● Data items
- - -

(* lim_{b ->} lim_{<- a} CM_a^b : an element is the class of a pair
   (b, (x_a)_a) with (x_a)_a a compatible family in prod_a CM_a^b;
   the inclusions i are identities on coefficient functions, so
   (b1,x) ~ (b2,y) iff i x = i y in some CM^b with b >= b1, b2. *)
Definition DirInv : cx F := {|
  ccar := (R * (R -> C -> F))%type;
  cmem := fun bx => (forall a, inCM a bx.1 (bx.2 a)) /\
                   (forall a1 a2, Rle a1 a2 ->
                      forall c, bx.2 a2 c = pmap a2 (bx.2 a1) c);
  ceqv := fun bx by_ => exists b, Rle bx.1 b /\ Rle by_.1 b /\
                   forall a c, bx.2 a c = by_.2 a c;
  czero := (R0, fun _ _ => 0);
  cadd := fun bx by_ => (Rmax bx.1 by_.1, fun a c => bx.2 a c + by_.2 a c);
  cscl := fun k bx => (bx.1, fun a c => k * bx.2 a c);
  cdif := fun bx => (bx.1, fun a => dCM a bx.1 (bx.2 a)) |}.

(* equality in lim_{b ->} CM_a^b (a fixed) of classes of pairs (b, x) *)
Definition eqvDir (bx by_ : R * (C -> F)) : Prop :=
  exists b, Rle bx.1 b /\ Rle by_.1 b /\ forall c, bx.2 c = by_.2 c.

(* lim_{<- a} lim_{b ->} CM_a^b : compatible families (z_a)_a, z_a in
   lim_{b->} CM_a^b, for the maps induced by the p's. *)
Definition InvDir : cx F := {|
  ccar := R -> (R * (C -> F));
  cmem := fun z => (forall a, inCM a (z a).1 (z a).2) /\
                  (forall a1 a2, Rle a1 a2 ->
                     eqvDir (z a2) ((z a1).1, pmap a2 (z a1).2));
  ceqv := fun z w => forall a, eqvDir (z a) (w a);
  czero := fun _ => (R0, fun _ => 0);
  cadd := fun z w a => (Rmax (z a).1 (w a).1, fun c => (z a).2 c + (w a).2 c);
  cscl := fun k z a => ((z a).1, fun c => k * (z a).2 c);
  cdif := fun z a => ((z a).1, dCM a (z a).1 (z a).2) |}.

(* Novikov complex: formal sums sum gamma_c c with
   {c | gamma_c <> 0, f c > b} finite for all b. *)
Definition novikov (g : C -> F) : Prop :=
  forall b : R, exists s : seq C, forall c, g c != 0 -> Rlt b (f c) -> c \in s.

Definition Novikov : cx F := {|
  ccar := C -> F;
  cmem := novikov;
  ceqv := fun g h => forall c, g c = h c;
  czero := fun _ => 0;
  cadd := fun g h c => g c + h c;
  cscl := fun k g c => k * g c;
  cdif := fun g c' => fsum (fun c => g c * m c' c) |}.

(* The canonical map k : lim_b lim_a CM -> lim_a lim_b CM,
   [(x_a)_a] |-> (i_a^b x_a)_a. *)
Definition kmap (bx : ccar DirInv) : ccar InvDir := fun a => (bx.1, bx.2 a).

(* Canonical maps to the Novikov complex: the coefficient of c is the
   coefficient of c in the component at level a = f c (equivalently at
   any level a <= f c). *)
Definition DirInv_to_Nov (bx : ccar DirInv) : ccar Novikov :=
  fun c => bx.2 (f c) c.

Definition InvDir_to_Nov (z : ccar InvDir) : ccar Novikov :=
  fun c => (z (f c)).2 c.

End Complexes.

(* An element of either limit is a family of chains x_a in CM_a^{b_a}, compatible
   under the projections p.  Compatibility forces x_a = p_a(g) for the single formal
   sum g c := x_{f c}(c), which is a Novikov chain because the windows C_a^b are
   finite; conversely a Novikov chain g has support bounded above by some B and is
   recovered from the family (p_a g) in CM^B.  Under x |-> g the truncated
   differentials become the Novikov differential, whose square vanishes by (iii)
   after exchanging two finite sums, so both limits are chain complexes isomorphic
   to the Novikov complex.  The limits commute because a compatible family of the
   inverse limit of direct limits is supported below one common bound, read off at
   a = 0: hence k, which preserves g, is onto and an isomorphism, and chain
   isomorphisms induce isomorphisms in homology. *)

From Pilot Require Import Defs.
From Stdlib Require Import Reals ClassicalEpsilon FunctionalExtensionality.
From mathcomp Require Import all_boot all_order all_algebra.
Set Implicit Arguments. Unset Strict Implicit. Unset Printing Implicit Defensive.
Import GRing.Theory.
Local Open Scope ring_scope.

Section FiniteSums.
Variable V : nmodType.

Definition fin_supp (C : eqType) (g : C -> V) : Prop :=
  exists s : seq C, forall c, g c != 0 -> c \in s.

Lemma fsumE (C : eqType) (g : C -> V) (s : seq C) :
  (forall c, g c != 0 -> c \in s) -> fsum g = \sum_(c <- undup s) g c.
Proof.
move=> gs; have us : uniq (undup s) by exact: undup_uniq.
have gus c : g c != 0 -> c \in undup s by rewrite mem_undup; exact: gs.
rewrite /fsum; case: excluded_middle_informative => [fin|[]]; last by exists (undup s).
case: (constructive_indefinite_description _ fin) => t [ut gt] /=.
apply: perm_big_supp; apply: uniq_perm; rewrite ?filter_uniq // => c.
by rewrite !mem_filter; case: (boolP (g c != 0)) => //= /[dup] /gt -> /gus ->.
Qed.

Lemma eq_fsum (C : eqType) (g h : C -> V) : (forall c, g c = h c) -> fsum g = fsum h.
Proof. by move=> /functional_extensionality ->. Qed.

Lemma fsum0 (C : eqType) (g : C -> V) : (forall c, g c = 0) -> fsum g = 0.
Proof. by move=> g0; rewrite (@fsumE _ _ [::]) ?big_nil // => c; rewrite g0 eqxx. Qed.

Lemma fsum_neq0 (C : eqType) (g : C -> V) : fsum g != 0 -> exists c, g c != 0.
Proof.
move=> nz; case: (classic (exists c, g c != 0)) => // no.
by case/eqP: nz; apply: fsum0 => c; apply/eqP/negPn/negP => gc; apply: no; exists c.
Qed.

Lemma fsumD (C : eqType) (g h : C -> V) : fin_supp g -> fin_supp h ->
  fsum (fun c => g c + h c) = fsum g + fsum h.
Proof.
move=> [s gs] [t ht]; have gst c : g c != 0 -> c \in s ++ t.
  by move=> /gs; rewrite mem_cat => ->.
have hst c : h c != 0 -> c \in s ++ t by move=> /ht; rewrite mem_cat orbC => ->.
rewrite (fsumE gst) (fsumE hst) (@fsumE _ _ (s ++ t)) ?big_split // => c.
by case: (boolP (g c != 0)) => [/gst //|/negPn/eqP ->]; rewrite add0r; exact: hst.
Qed.

Lemma fsum_exchange (C D : eqType) (g : C -> D -> V) (s : seq C) (t : seq D) :
  (forall c d, g c d != 0 -> c \in s /\ d \in t) ->
  fsum (fun c => fsum (g c)) = fsum (fun d => fsum (g^~ d)).
Proof.
move=> gst.
have inner_c c : fsum (g c) = \sum_(d <- undup t) g c d by apply: fsumE => d /gst [].
have inner_d d : fsum (g^~ d) = \sum_(c <- undup s) g c d by apply: fsumE => c /gst [].
rewrite (eq_fsum inner_c) (eq_fsum inner_d).
rewrite (@fsumE _ _ s) => [|c]; last first.
  by apply: contraNT => cs; rewrite big1 // => d _; apply: contraNeq cs => /gst [].
rewrite (@fsumE _ _ t) => [|d]; last first.
  by apply: contraNT => dt; rewrite big1 // => c _; apply: contraNeq dt => /gst [].
exact: exchange_big.
Qed.

End FiniteSums.

Lemma mulr_fsuml (R : pzRingType) (C : eqType) (g : C -> R) k :
  fin_supp g -> fsum g * k = fsum (fun c => g c * k).
Proof.
move=> [s gs]; rewrite (fsumE gs) mulr_suml (@fsumE _ _ _ s) // => c.
by apply: contraNT => cs; rewrite (contraNeq (gs c) cs) mul0r.
Qed.

Lemma mulr_fsumr (R : pzRingType) (C : eqType) (g : C -> R) k :
  fin_supp g -> k * fsum g = fsum (fun c => k * g c).
Proof.
move=> [s gs]; rewrite (fsumE gs) mulr_sumr (@fsumE _ _ _ s) // => c.
by apply: contraNT => cs; rewrite (contraNeq (gs c) cs) mulr0.
Qed.

Section ChainComplexLaws.
Variables (F : fieldType) (X : cx F).
Hypothesis cX : chain_complex X.

Lemma ceqv_refl x : cmem X x -> ceqv X x x.
Proof. by have [H _] := cX; apply: H. Qed.

Lemma ceqv_sym x y : ceqv X x y -> ceqv X y x.
Proof. by have [_ [H _]] := cX; apply: H. Qed.

Lemma ceqv_trans y x z : ceqv X x y -> ceqv X y z -> ceqv X x z.
Proof. by have [_ [_ [H _]]] := cX; apply: H. Qed.

Lemma cmem0 : cmem X (czero X).
Proof. by have [_ [_ [_ [H _]]]] := cX. Qed.

Lemma cmemD x y : cmem X x -> cmem X y -> cmem X (cadd X x y).
Proof. by have [_ [_ [_ [_ [H _]]]]] := cX; apply: H. Qed.

Lemma cmemZ k x : cmem X x -> cmem X (cscl X k x).
Proof. by have [_ [_ [_ [_ [_ [H _]]]]]] := cX; apply: H. Qed.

- - -

● Try it
Only one stretch of the data above is needed. Restate it word for word, from the line containing "cdif := fun g" through the line containing "fun c => bx.2 (f c) c.", both ends included.

● Answer to the problem
  cdif := fun g c' => fsum (fun c => g c * m c' c) |}.

(* The canonical map k : lim_b lim_a CM -> lim_a lim_b CM,
   [(x_a)_a] |-> (i_a^b x_a)_a. *)
Definition kmap (bx : ccar DirInv) : ccar InvDir := fun a => (bx.1, bx.2 a).

(* Canonical maps to the Novikov complex: the coefficient of c is the
   coefficient of c in the component at level a = f c (equivalently at
   any level a <= f c). *)
Definition DirInv_to_Nov (bx : ccar DirInv) : ccar Novikov :=
  fun c => bx.2 (f c) c.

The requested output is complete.